◆ **To do**: Go through the listing below and say how many lines include "first". Give the number by itself.

-- Opening Marker --

(* Let x I^N ⊆ I^(N+1).  Since A is Noetherian, I^N is generated by finitely many
   g_1, ..., g_m, and x g_j = Σ_l c_jl g_l with c_jl ∈ I.  Cayley–Hamilton applied
   to the matrix (c_jl t) over A[t] yields, after cancelling a regular element of
   I^N, an equation of integral dependence x^n + Σ_j f_j x^j = 0 with f_j ∈ I^(n-j);
   keeping track of the degree in t is what places f_j in I^(n-j).  Reducing high
   powers of x with this equation and using x I^m ⊆ I^(m+1) for m ≥ N gives
   x^k ∈ I^k for all large k.  Finally, x^k ∈ I^k for k > q is all weak
   subintegrality needs: take a_i = r_i x^i, where the r_i solve the unitriangular
   system 1 + Σ_{i ≤ n} C(n, i) r_i = 0 (q < n ≤ 2q+1), with r_i = 0 for i ≤ q. *)

Section Ideals.
Variable A : comNzRingType.
Implicit Types (J K : A -> Prop) (y z : A).

Lemma ideal0 J : is_ideal J -> J 0.
Proof. by case. Qed.

Lemma idealD J y z : is_ideal J -> J y -> J z -> J (y + z).
Proof. by case=> _ JD _; apply: JD. Qed.

Lemma idealMl J y z : is_ideal J -> J z -> J (y * z).
Proof. by case=> _ _ JM; apply: JM. Qed.

Lemma idealMr J y z : is_ideal J -> J y -> J (y * z).
Proof. by move=> J_ideal Jy; rewrite mulrC; apply: idealMl. Qed.

Lemma idealN J z : is_ideal J -> J z -> J (- z).
Proof. by move=> J_ideal Jz; rewrite -mulN1r; apply: idealMl. Qed.

Lemma ideal_sum J (T : Type) (s : seq T) (P : pred T) (F : T -> A) :
  is_ideal J -> (forall i, P i -> J (F i)) -> J (\sum_(i <- s | P i) F i).
Proof.
by move=> J_ideal JF; apply: (big_ind J) => //; [apply: ideal0 | move=> y z; apply: idealD].
Qed.

Lemma is_ideal_mul J K : is_ideal J -> is_ideal (ideal_mul J K).
Proof.
move=> J_ideal; split.
- by exists [::]; rewrite big_nil.
- move=> _ _ [s [sJK ->]] [t [tJK ->]]; exists (s ++ t); rewrite big_cat.
  by split=> // p; rewrite mem_cat => /orP[/sJK | /tJK].
- move=> a _ [s [sJK ->]]; exists [seq (a * p.1, p.2) | p <- s]; split.
    by move=> _ /mapP[p /sJK[Jp Kp] ->]; split=> //; apply: idealMl.
  by rewrite big_map mulr_sumr; apply: eq_bigr => p _; rewrite mulrA.
Qed.

Lemma ideal_mulMl J J' K y z :
  (forall z, J z -> J' (y * z)) -> ideal_mul J K z -> ideal_mul J' K (y * z).
Proof.
move=> JM [s [sJK ->]]; exists [seq (y * p.1, p.2) | p <- s]; split.
  by move=> _ /mapP[p /sJK[Jp Kp] ->]; split=> //; apply: JM.
by rewrite big_map mulr_sumr; apply: eq_bigr => p _; rewrite mulrA.
Qed.

Variable I : A -> Prop.

Lemma is_ideal_pow n : is_ideal (ideal_pow I n).
Proof. by elim: n => [|n IHn] /=; [split | apply: is_ideal_mul]. Qed.

Lemma ideal_pow1 z : I z -> ideal_pow I 1 z.
Proof.
move=> Iz; exists [:: (1, z)]; rewrite big_seq1 mul1r.
by split=> // p; rewrite inE => /eqP ->.
Qed.

Lemma ideal_powD m n y z :
  ideal_pow I m y -> ideal_pow I n z -> ideal_pow I (m + n) (y * z).
Proof.
move=> Iy; elim: n z => [|n IHn] z Iz.
  by rewrite addn0; apply: idealMr => //; apply: is_ideal_pow.
by rewrite addnS; apply: ideal_mulMl Iz => z'; apply: IHn.
Qed.

Lemma ideal_pow_expr n z : I z -> ideal_pow I n (z ^+ n).
Proof.
move=> Iz; elim: n => [|n IHn] //.
by rewrite exprSr -addn1; apply: ideal_powD => //; apply: ideal_pow1.
Qed.

End Ideals.

Lemma regularX (A : comNzRingType) (r : A) n : regular r -> regular (r ^+ n).
Proof.
move=> r_reg; elim: n => [|n IHn] y; first by rewrite expr0 mul1r.
by rewrite exprS -mulrA => /r_reg /IHn.
Qed.

Definition lin_comb (A : comNzRingType) (K : A -> Prop) (g : seq A) (z : A) : Prop :=
  exists c : nat -> A, (forall i, K (c i)) /\ z = \sum_(i < size g) c i * g`_i.

Notation span := (lin_comb (fun=> True)).

Section LinearCombinations.
Variable A : comNzRingType.
Implicit Types (J K : A -> Prop) (g : seq A) (a y z : A).

Lemma is_ideal_lin_comb K g : is_ideal K -> is_ideal (lin_comb K g).
Proof.
move=> K_ideal; split.
- exists (fun=> 0); split=> [i | ]; first exact: ideal0.
  by rewrite big1 // => i _; rewrite mul0r.
- move=> _ _ [c [Kc ->]] [d [Kd ->]]; exists (fun i => c i + d i); split.
    by move=> i; apply: idealD.
  by rewrite -big_split; apply: eq_bigr => i _; rewrite mulrDl.
- move=> a _ [c [Kc ->]]; exists (fun i => a * c i); split.
    by move=> i; apply: idealMl.
  by rewrite mulr_sumr; apply: eq_bigr => i _; rewrite mulrA.
Qed.

Lemma span_mem g z : z \in g -> span g z.
Proof.
move=> gz; have gzi : (index z g < size g)%N by rewrite index_mem.
exists (fun i => (i == index z g)%:R); split=> //.
rewrite (bigD1 (Ordinal gzi)) //= eqxx mul1r nth_index // big1 ?addr0 //.
by move=> i /negbTE; rewrite -val_eqE /= => ->; rewrite mul0r.
Qed.

Lemma span_cons a g z : span g z -> span (a :: g) z.
Proof.
case=> c [_ ->]; exists (fun i => if i is i'.+1 then c i' else 0); split=> //.
by rewrite /= big_ord_recl /= mul0r add0r.
Qed.

Lemma lin_comb_ideal_mul J K g z : is_ideal K ->
  (forall y, J y -> span g y) -> ideal_mul J K z -> lin_comb K g z.
Proof.
move=> K_ideal Jg [s [sJK ->]]; elim: s sJK => [|p s IHs] sJK.
  by rewrite big_nil; apply: ideal0; apply: is_ideal_lin_comb.
rewrite big_cons; apply: idealD; first exact: is_ideal_lin_comb.
  have [Jp Kp] := sJK p (mem_head _ _); have [c [_ ->]] := Jg _ Jp.
  exists (fun i => c i * p.2); split=> [i | ]; first exact: idealMl.
  by rewrite mulr_suml; apply: eq_bigr => i _; rewrite mulrAC.
by apply: IHs => q sq; apply: sJK; rewrite inE sq orbT.
Qed.

Lemma noetherian_finitely_generated J : noetherian A -> is_ideal J ->
  exists g, (forall z, z \in g -> J z) /\ forall z, J z -> span g z.
Proof.
move=> noethA J_ideal; apply: contrapT => not_fg.
have grow g : exists z, (forall y, y \in g -> J y) -> J z /\ ~ span g z.
  case: (pselect (forall y, y \in g -> J y)) => [gJ | ngJ]; last by exists 0.
  apply: contrapT => no_z; apply: not_fg; exists g; split=> // z Jz.
  by apply: contrapT => nz; apply: no_z; exists z.
have [next nextP] := choice grow.
pose chain n := iter n (fun g => next g :: g) [::].
have chainJ n y : y \in chain n -> J y.
  elim: n y => [|n IHn] y //=; rewrite inE => /orP[/eqP -> | ]; last exact: IHn.
  by have [] := nextP _ IHn.
have span_ideal n : is_ideal (span (chain n)) by apply: is_ideal_lin_comb; split.
have [N chainN] := noethA _ span_ideal (fun n y => @span_cons _ (chain n) y).
have [_] := nextP _ (chainJ N); apply.
exact: chainN (leqnSn N) _ (span_mem (mem_head _ _)).
Qed.

End LinearCombinations.

Lemma det_mxOver (R : comNzRingType) (S : subringClosed R) n (M : 'M[R]_n) :
  M \is a mxOver S -> \det M \in S.
Proof.
move=> /mxOverP SM; apply: rpred_sum => s _; apply: rpredM.
  by apply: rpredX; apply: rpredN1.
by apply: rpred_prod => i _; apply: SM.
Qed.

Lemma char_poly_over (R : comNzRingType) (S : subringClosed R) n (M : 'M[R]_n) :
  M \is a mxOver S -> char_poly M \is a polyOver S.
Proof.
move=> /mxOverP SM; rewrite /char_poly; apply: det_mxOver; apply/mxOverP => i j.
by rewrite !mxE; apply: rpredB; [apply: rpredMn; apply: polyOverX | rewrite polyOverC].
Qed.

Lemma horner_mx_eigenvector (R : comNzRingType) n (M : 'M[R]_n.+1) (v : 'cV[R]_n.+1) a :
  M *m v = a *: v -> forall p, horner_mx M p *m v = p.[a] *: v.
Proof.
move=> Mv; elim/poly_ind => [|p c IHp]; first by rewrite rmorph0 mul0mx horner0 scale0r.
rewrite rmorphD rmorphM /= horner_mx_X horner_mx_C hornerMXaddC mulmxDl -mulmxA Mv.
by rewrite mul_scalar_mx -scalemxAr IHp scalerA scalerDl mulrC.
Qed.

Lemma char_poly_eigenvector (R : comNzRingType) n (M : 'M[R]_n.+1) (v : 'cV[R]_n.+1) a :
  M *m v = a *: v -> (char_poly M).[a] *: v = 0.
Proof.
by move=> /horner_mx_eigenvector <-; rewrite Cayley_Hamilton mul0mx.
Qed.

Lemma regular_polyC (A : comNzRingType) (r : A) : regular r -> regular r%:P.
Proof.
move=> r_reg p /polyP rp0; apply/polyP => k.
by rewrite coef0; apply: r_reg; have := rp0 k; rewrite coefCM coef0.
Qed.

Lemma coef_horner_CX (A : comNzRingType) (P : {poly {poly A}}) (x : A) n :
  size P = n.+1 -> P.[x%:P * 'X]`_n = \sum_(j < n.+1) (P`_j)`_(n - j) * x ^+ j.
Proof.
move=> size_P; rewrite horner_coef size_P coef_sum; apply: eq_bigr => j _.
by rewrite exprMn mulrA coefMXn ltnNge -ltnS ltn_ord /= -rmorphXn coefMC.
Qed.

Section ReesAlgebra.
Variables (A : comNzRingType) (I : A -> Prop).

Definition rees_algebra : {pred {poly A}} :=
  fun p => `[< forall k, ideal_pow I k p`_k >].

Lemma rees_algebraP (p : {poly A}) : reflect (forall k, ideal_pow I k p`_k) (p \in rees_algebra).
Proof. exact: asboolP. Qed.

Fact rees_algebra_subring_closed : subring_closed rees_algebra.
Proof.
split.
- by apply/rees_algebraP => -[|k]; rewrite coef1 //; apply: ideal0; apply: is_ideal_pow.
- move=> p q /rees_algebraP Sp /rees_algebraP Sq; apply/rees_algebraP => k.
  by rewrite coefB; apply: idealD (idealN _ _) => //; apply: is_ideal_pow.
- move=> p q /rees_algebraP Sp /rees_algebraP Sq; apply/rees_algebraP => k.
  rewrite coefM; apply: ideal_sum => [|i _]; first exact: is_ideal_pow.
  by rewrite -{1}(subnKC (ltnSE (ltn_ord i))); apply: ideal_powD.
Qed.

HB.instance Definition _ :=
  GRing.isSubringClosed.Build {poly A} rees_algebra rees_algebra_subring_closed.

Lemma rees_algebraCX c : I c -> c%:P * 'X \in rees_algebra.
Proof.
move=> Ic; apply/rees_algebraP => -[|[|k]]; rewrite coefCM coefX ?mulr0 ?mulr1.
- exact: ideal0 (is_ideal_pow I _).
- exact: ideal_pow1.
- exact: ideal0 (is_ideal_pow I _).
Qed.

Definition integral_equation (x : A) (n : nat) (f : nat -> A) : Prop :=
  (forall j, (j < n)%N -> ideal_pow I (n - j) (f j)) /\
  x ^+ n + \sum_(j < n) f j * x ^+ j = 0.

Lemma determinant_trick (g : seq A) (x r : A) :
  regular r -> span g r -> (forall j, (j < size g)%N -> lin_comb I g (x * g`_j)) ->
  exists n f, integral_equation x n.+1 f.
Proof.
move=> r_reg r_span xg.
have [n size_g] : exists n, size g = n.+1.
  move: r_span; rewrite /lin_comb; case: (size g) => [|n] [d [_ r_sum]]; last by exists n.
  have := r_reg 1; rewrite r_sum big_ord0 mul0r => /(_ erefl) /eqP.
  by rewrite oner_eq0.
have /fin_all_exists[c cP] (j : 'I_n.+1) : exists c : nat -> A,
    (forall l, I (c l)) /\ x * g`_j = \sum_(l < n.+1) c l * g`_l.
  by have := xg j; rewrite /lin_comb size_g => /(_ (ltn_ord j)).
move: r_span; rewrite /lin_comb size_g => -[d [_ r_sum]].
pose M : 'M[{poly A}]_n.+1 := \matrix_(j, l) ((c j l)%:P * 'X).
pose G : 'cV[{poly A}]_n.+1 := \col_j (g`_j)%:P.
pose y : {poly A} := x%:P * 'X.
pose P := char_poly M.
have MG : M *m G = y *: G.
  apply/matrixP => j k; rewrite !mxE.
  have -> : y * (g`_j)%:P = 'X * (x * g`_j)%:P by rewrite polyCM /y; ring.
  rewrite (cP j).2 rmorph_sum mulr_sumr; apply: eq_bigr => l _.
  by rewrite !mxE rmorphM /=; ring.
have Py0 : P.[y] = 0.
  apply: (regular_polyC r_reg); rewrite r_sum rmorph_sum mulr_suml big1 // => j _.
  have /matrixP /(_ j 0) := char_poly_eigenvector MG; rewrite !mxE => PyG.
  by rewrite rmorphM /= -mulrA (mulrC _ P.[y]) PyG mulr0.
have P_rees : P \is a polyOver rees_algebra.
  apply: char_poly_over; apply/mxOverP => j l; rewrite mxE.
  exact: rees_algebraCX ((cP j).1 l).
exists n, (fun j => (P`_j)`_(n.+1 - j)); split.
  by move=> j _; apply/rees_algebraP; apply: (polyOverP P_rees).
have P_lead : P`_n.+1 = 1.
  by have := char_poly_monic M; rewrite monicE lead_coefE size_char_poly => /eqP.
have := coef_horner_CX x (size_char_poly M); rewrite -/P Py0 coef0 big_ord_recr /=.
by rewrite P_lead subnn coefC /= mul1r addrC => <-.
Qed.

End ReesAlgebra.

Section EventualPowers.
Variables (A : comNzRingType) (I : A -> Prop) (N : nat) (x : A).
Hypothesis x_colon : colon (ideal_pow I N.+1) (ideal_pow I N) x.

Lemma colon_ideal_pow m y : (N <= m)%N -> ideal_pow I m y -> ideal_pow I m.+1 (x * y).
Proof.
move=> /subnKC <-; elim: (m - N)%N y => [|t IHt] y; first by rewrite addn0; apply: x_colon.
by rewrite addnS; apply: ideal_mulMl.
Qed.

Lemma colon_ideal_powX j m y :
  (N <= m)%N -> ideal_pow I m y -> ideal_pow I (m + j) (x ^+ j * y).
Proof.
move=> Nm Iy; elim: j => [|j IHj]; first by rewrite addn0 expr0 mul1r.
by rewrite exprS -mulrA addnS; apply: colon_ideal_pow => //; lia.
Qed.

-- Closing Marker --

◆ **Answer box**: 8